#### EXTRACTED MATERIAL ####

(* Let $\mathcal H$ be a connected $As^c$-$Mag$-bialgebra and $e=\mathrm{id}+\sum_{n\ge1}(-1)^n\omega^{n+1}\circ\delta^n:\bar{\mathcal H}\to\bar{\mathcal H}$. Then for every $x\in\bar{\mathcal H}$, $$x=e(x)+\omega_r^2\big((e\otimes e)(\delta^1(x))\big)+\dots+\omega_r^{n+1}\big(e^{\otimes(n+1)}(\delta^n(x))\big)+\cdots,$$ the sum being finite.
   Context: An $As^c$-$Mag$-bialgebra is a vector space $\mathcal H$ over a field with a bilinear product $\cdot$ (not assumed associative) with two-sided unit $1$ and a coassociative counital coproduct $\Delta$ with $\Delta(1)=1\otimes1$ and $\Delta(x\cdot y)=\Delta(x)\cdot(1\otimes y)+(x\otimes1)\cdot\Delta(y)-x\otimes y$, the product on $\mathcal H\otimes\mathcal H$ being componentwise. $\bar{\mathcal H}$ = kernel of the counit; $\delta(x)=\Delta(x)-x\otimes1-1\otimes x$ on $\bar{\mathcal H}$; $\delta^1=\delta$, $\delta^n=(\delta\otimes\mathrm{id}^{\otimes(n-1)})\circ\delta^{n-1}$. Connected means: for each $x\in\bar{\mathcal H}$, $\delta^n(x)=0$ for $n$ large. $\omega^m$ is the left comb ($\omega^1(x)=x$, $\omega^m(x_1,\dots,x_m)=\omega^{m-1}(x_1,\dots,x_{m-1})\cdot x_m$) and $\omega_r^m$ the right comb ($\omega_r^1(x)=x$, $\omega_r^m(x_1,\dots,x_m)=x_1\cdot\omega_r^{m-1}(x_2,\dots,x_m)$), applied to the tensor factors of an element of $\bar{\mathcal H}^{\otimes m}$. *)

(* Tensor powers H^{(x)n} of a K-vector space H are modelled
   as formal finite sums of simple tensors (elements of [tens H n]), two
   formal sums being identified ([teq]) iff every multilinear map out of
   H^n (into any K-vector space) takes the same value on them: this is the
   universal property defining the tensor product. *)
From HB Require Import structures.
From mathcomp Require Import all_boot all_order all_algebra.
Set Implicit Arguments. Unset Strict Implicit. Unset Printing Implicit Defensive.
Import GRing.Theory.
Local Open Scope ring_scope.

Definition tens (K : fieldType) (H : lmodType K) (n : nat) :=
  seq (K * n.-tuple H).

Definition tev (K : fieldType) (H V : lmodType K) (n : nat)
  (f : n.-tuple H -> V) (t : tens H n) : V :=
  \sum_(p <- t) p.1 *: f p.2.

Definition tupset (T : Type) (n : nat) (t : n.-tuple T) (i : 'I_n) (u : T)
  : n.-tuple T := [tuple if j == i then u else tnth t j | j < n].

Definition multilinear (K : fieldType) (H V : lmodType K) (n : nat)
  (f : n.-tuple H -> V) : Prop :=
  forall (t : n.-tuple H) (i : 'I_n) (a : K) (u v : H),
    f (tupset t i (a *: u + v)) = a *: f (tupset t i u) + f (tupset t i v).

Definition teq (K : fieldType) (H : lmodType K) (n : nat) (t s : tens H n)
  : Prop :=
  forall (V : lmodType K) (f : n.-tuple H -> V), multilinear f ->
    tev f t = tev f s.

Definition tscale (K : fieldType) (H : lmodType K) (n : nat) (a : K)
  (t : tens H n) : tens H n := [seq (a * p.1, p.2) | p <- t].

(* (g (x) id^{(x)n}) applied to t, for g : H -> H^{(x)m} *)
Definition tmap_first (K : fieldType) (H : lmodType K) (m n : nat)
  (g : H -> tens H m) (t : tens H n.+1) : tens H (m + n) :=
  flatten [seq [seq (p.1 * q.1, cat_tuple q.2 (behead_tuple p.2))
               | q <- g (thead p.2)] | p <- t].

(* (id (x) g) applied to a 2-tensor t *)
Definition tmap_second (K : fieldType) (H : lmodType K) (m : nat)
  (g : H -> tens H m) (t : tens H 2) : tens H (1 + m) :=
  flatten [seq [seq (p.1 * q.1, cat_tuple [tuple tnth p.2 ord0] q.2)
               | q <- g (tnth p.2 ord_max)] | p <- t].

Definition tmapall (K : fieldType) (H : lmodType K) (n : nat)
  (g : H -> H) (t : tens H n) : tens H n :=
  [seq (p.1, map_tuple g p.2) | p <- t].
Lemma gen_sqr_sum_split a t b zs q : (forall z, z \in a ++ t :: b -> m z) ->
  sumS R (prodS R (gen R (a ++ t :: b)) (gen R (a ++ t :: b))) (gen R zs) q ->
  exists c u, [/\ m c, gen R (a ++ b ++ zs) u & q = c * t + u].
Proof.
move=> m_ys; pose S w := exists c u, [/\ m c, gen R (a ++ b ++ zs) u & w = c * t + u].
have S0 : S 0 by exists 0, 0; split; [exact: nonunits0|exact: span_0|ring].
have SD v w : S v -> S w -> S (v + w).
  move=> [c [u [mc gu ->]]] [c' [u' [mc' gu' ->]]].
  by exists (c + c'), (u + u'); split; [exact: Hloc|exact: span_add|ring].
have SM r w : R r -> S w -> S (r * w).
  move=> Rr [c [u [mc gu ->]]].
  by exists (r * c), (r * u); split; [exact: nonunitsM|exact: span_mul|ring].
apply: (span_least S0 SD SM) => z [|gz]; last first.
  exists 0, z; split; [exact: nonunits0| |ring].
  by apply: gen_subset gz => w wz; rewrite !mem_cat wz !orbT.
apply: (span_least S0 SD SM) => _ [p [p' [gp [gp' ->]]]].
have mp' : m p' := gen_nonunits m_ys gp'.
have [c [u [Rc gu ->]]] := proj1 (gen_split HR a b t p) gp.
exists (p' * c), (p' * u); split; [by rewrite mulrC; apply: nonunitsM| |ring].
apply: span_mul; first exact: nonunits_sub.
by apply: gen_subset gu => w wab; rewrite catA mem_cat wab.
Qed.

End Generators.

Lemma colon_self_subring (Q : comUnitRingType) (N : Q -> Prop) :
  N 0 -> (forall x y, N x -> N y -> N (x - y)) -> is_subring (colon N N).
Proof.
move=> N0 NB; split=> [b _|b Nb|x y Nx Ny b Nb|x y Nx Ny b Nb].
- by rewrite mul0r.
- by rewrite mul1r.
- by rewrite mulrBl; apply: NB; [apply: Nx|apply: Ny].
- by rewrite -mulrA; apply/Nx/Ny.
Qed.

Section MaximalIdeals.
Variables (Q : comUnitRingType) (A : Q -> Prop).
Hypothesis HA : is_subring A.

Let proper_ideal_with a (X : set Q) := [/\ is_ideal A X, ~ X 1 & X a].

Lemma bigcup_ideal_chain a (F : set (set Q)) X0 q0 :
  total_on F subset -> (forall X q, F X -> X q -> proper_ideal_with a X) ->
  F X0 -> X0 q0 -> proper_ideal_with a (\bigcup_(X in F) X).
Proof.
move=> Ftot FP FX0 X0q0; have [[_ X00 _ _] _ X0a] := FP X0 q0 FX0 X0q0.
split; [split| |].
- by move=> q [X FX Xq]; have [[XA _ _ _] _ _] := FP X q FX Xq; apply: XA.
- by exists X0.
- move=> q1 q2 [X FX Xq1] [Y FY Yq2].
  have [XY|YX] := Ftot X Y FX FY.
    by exists Y => //; have [[_ _ YD _] _ _] := FP Y q2 FY Yq2; apply: YD => //; apply: XY.
  by exists X => //; have [[_ _ XD _] _ _] := FP X q1 FX Xq1; apply: XD => //; apply: YX.
- move=> b q Ab [X FX Xq]; exists X => //.
  by have [[_ _ _ XM] _ _] := FP X q FX Xq; apply: XM.
- by move=> [X FX X1]; have [_ nX1 _] := FP X 1 FX X1.
- by exists X0.
Qed.

Lemma maximal_ideal_exists a : A a -> ~ (exists u, A u /\ a * u = 1) ->
  exists M, is_maximal_ideal A M /\ M a.
Proof.
move=> Aa nua.
(* The empty set is admitted so that the empty chain has an upper bound. *)
pose P X := (forall q, ~ X q) \/ proper_ideal_with a X.
have [M [PM Mmax]] : exists M, P M /\ forall N, (M `<` N)%classic -> ~ P N.
  apply: Zorn_bigcup => F FP Ftot.
  case: (pselect (exists X q, F X /\ X q)) => [[X0 [q0 [FX0 X0q0]]]|Fempty].
    right; apply: (bigcup_ideal_chain Ftot _ FX0 X0q0) => X q FX Xq.
    by case: (FP X FX) => // Xempty; case: (Xempty q).
  by left=> q [X FX Xq]; apply: Fempty; exists X, q.
pose aA q := exists b, A b /\ q = a * b.
have aA_a : aA a by exists 1; split; [exact: subring1|rewrite mulr1].
have [Mempty|[Mid nM1 Ma]] := PM.
  case: (Mmax aA); first by split=> [q /Mempty // | /(_ a aA_a) /Mempty].
  right; split=> [|[b [Ab /esym ab1]]|//]; last by apply: nua; exists b.
  split=> [_ [b [Ab ->]]||_ _ [b [Ab ->]] [c [Ac ->]]|c _ Ac [b [Ab ->]]].
  - exact: subringM.
  - by exists 0; split; [exact: subring0|rewrite mulr0].
  - by exists (b + c); split; [exact: subringD|rewrite mulrDr].
  - by exists (c * b); split; [exact: subringM|rewrite mulrCA].
exists M; split=> //; split=> // N Nid MN.
case: (pselect (N 1)) => [|nN1]; [by left|right].
apply: contrapT => nNM; apply: (Mmax N); first by split.
by right; split=> //; apply: MN.
Qed.
Lemma Gtauxt_affine y x t : G y x t = x * Q y - t * B y + C y.
Proof.
have mI : measurable (`[0, y]%classic : set R) by exact: measurable_itv.
rewrite /Gtauxt (@eq_Rintegral _ _ _ mu _ (fun e =>
  x * (rhob e * ub e) - t * (ub e * ub e * rhob e) + e * (ub e * ub e * rhob e)));
  last by move=> e _; ring.
rewrite RintegralD ?RintegralB ?RintegralZl //.
all: by apply: locbdd_mfun_integrable; locbdd.
Qed.

(* [Fmin] and [Gmin] are infima, which are junk values unless the sets are bounded below. *)
Lemma Fyxt_has_lbound x t : 0 <= x -> 0 <= t ->
  has_lbound [set F y x t | y in `[0, +oo[%classic].
Proof.
move=> x0 t0; have [M uM] := bu0; have M0 : 0 <= M by rewrite (le_trans _ (uM 0 _)).
have uMt e : 0 <= e -> - (t * M) <= t * u0 e.
  by move=> e0; have := uM e e0; rewrite ler_norml => /andP[]; nra.
apply: (@Rintegral_mul_has_lbound _ (fun e => t * u0 e + e - x) rho0 (x + t * M)
  (x + t * M)); rewrite ?addr_ge0 ?mulr_ge0 //; first by locbdd.
- by move=> e /prho0/ltW.
- by move=> e /andP[e0 _]; have := uMt e e0; lra.
- move=> e ae; have e0 := le_trans (addr_ge0 x0 (mulr_ge0 t0 M0)) (ltW ae).
  by have := uMt e e0; lra.
Qed.

Lemma Gtauxt_has_lbound x t : 0 <= x -> 0 <= t ->
  has_lbound [set G y x t | y in `[0, +oo[%classic].
Proof.
move=> x0 t0; have [M uM] := bub; have M0 : 0 <= M by rewrite (le_trans _ (uM 0 _)).
have [N rN] := lrhob t; have N0 : 0 <= N by rewrite (le_trans _ (rN 0 _)) ?lexx.
apply: (@Rintegral_mul_has_lbound _ (fun e => (x - ub e * (t - e)) * rhob e) ub t
  (M * t * N)); rewrite ?mulr_ge0 //; first by locbdd.
- by move=> e /pub/ltW.
- move=> e /[dup] et /andP[e0 le]; apply: mulr_ge_Nbound; rewrite ?mulr_ge0 //=.
    have := uM e e0; have := pub e e0; rewrite ler_norml; nra.
  by rewrite ltW ?prhob // (le_trans (ler_norm _)) ?rN.
- move=> e te; have e0 := le_trans t0 (ltW te).
  by apply: mulr_ge0; [have := pub e e0; nra | exact/ltW/prhob].
Qed.

Lemma Fmin_le {x t y} : 0 <= x -> 0 <= t -> 0 <= y -> Fm x t <= F y x t.
Proof. by move=> x0 t0; apply: halfline_inf_le; exact: Fyxt_has_lbound. Qed.

Lemma Gmin_le {x t y} : 0 <= x -> 0 <= t -> 0 <= y -> Gm x t <= G y x t.
Proof. by move=> x0 t0; apply: halfline_inf_le; exact: Gtauxt_has_lbound. Qed.

Lemma Fmin_le0 x t : 0 <= x -> 0 <= t -> Fm x t <= 0.
Proof.
move=> x0 t0; apply: le_trans (Fmin_le x0 t0 (lexx 0)) _.
by rewrite /Fyxt set_itv1 Rintegral_set1.
Qed.

Lemma Gmin_le0 x t : 0 <= x -> 0 <= t -> Gm x t <= 0.
Proof.
move=> x0 t0; apply: le_trans (Gmin_le x0 t0 (lexx 0)) _.
by rewrite /Gtauxt set_itv1 Rintegral_set1.
Qed.

Lemma Fmin_nonincreasing l r t : 0 <= l <= r -> 0 <= t -> Fm r t <= Fm l t.
Proof.
move=> /andP[l0 lr] t0; apply: le_halfline_inf => y y0.
rewrite (le_trans (Fmin_le (le_trans l0 lr) t0 y0)) // !Fyxt_affine.
by have := ler_wpM2r (P_ge0 y) lr; lra.
Qed.

Lemma Gmin_nondecreasing l r t : 0 <= l <= r -> 0 <= t -> Gm l t <= Gm r t.
Proof.
move=> /andP[l0 lr] t0; apply: le_halfline_inf => y y0.
rewrite (le_trans (Gmin_le l0 t0 y0)) // !Gtauxt_affine.
by have := ler_wpM2r (Q_ge0 y) lr; lra.
Qed.

Lemma Iset_Fmin_eq {l r t} : 0 <= t -> l <= r -> I t l -> I t r -> Fm r t = Fm l t.
Proof.
move=> t0 lr [l0 FGl] [_ FGr]; apply/le_anti.
by rewrite Fmin_nonincreasing ?l0 //= FGl FGr Gmin_nondecreasing ?l0.
Qed.

Lemma Fyxt_ge_mass {x t} : 0 <= x -> 0 <= t ->
  exists2 K, 0 <= K & forall y, - (K * P y) <= F y x t.
Proof.
move=> x0 t0; have [M uM] := bu0; have M0 : 0 <= M by rewrite (le_trans _ (uM 0 _)).
exists (x + t * M); first by rewrite addr_ge0 ?mulr_ge0.
move=> y; rewrite -mulNr -RintegralZl; first last.
- exact: locbdd_mfun_integrable.
- exact: measurable_itv.
apply: le_Rintegral; first exact: measurable_itv.
- by apply: locbdd_mfun_integrable; locbdd.
- by apply: locbdd_mfun_integrable; locbdd.
move=> e; rewrite /= in_itv /= => /andP[e0 _]; apply: ler_wpM2r; first exact/ltW/prho0.
by have := uM e e0; rewrite ler_norml => /andP[]; nra.
Qed.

####

§ **WHAT TO PRODUCE**
Where a line above holds the string "flatten", copy that line.

§ **FINISHED EXERCISE**
  flatten [seq [seq (p.1 * q.1, cat_tuple q.2 (behead_tuple p.2))
  flatten [seq [seq (p.1 * q.1, cat_tuple [tuple tnth p.2 ord0] q.2)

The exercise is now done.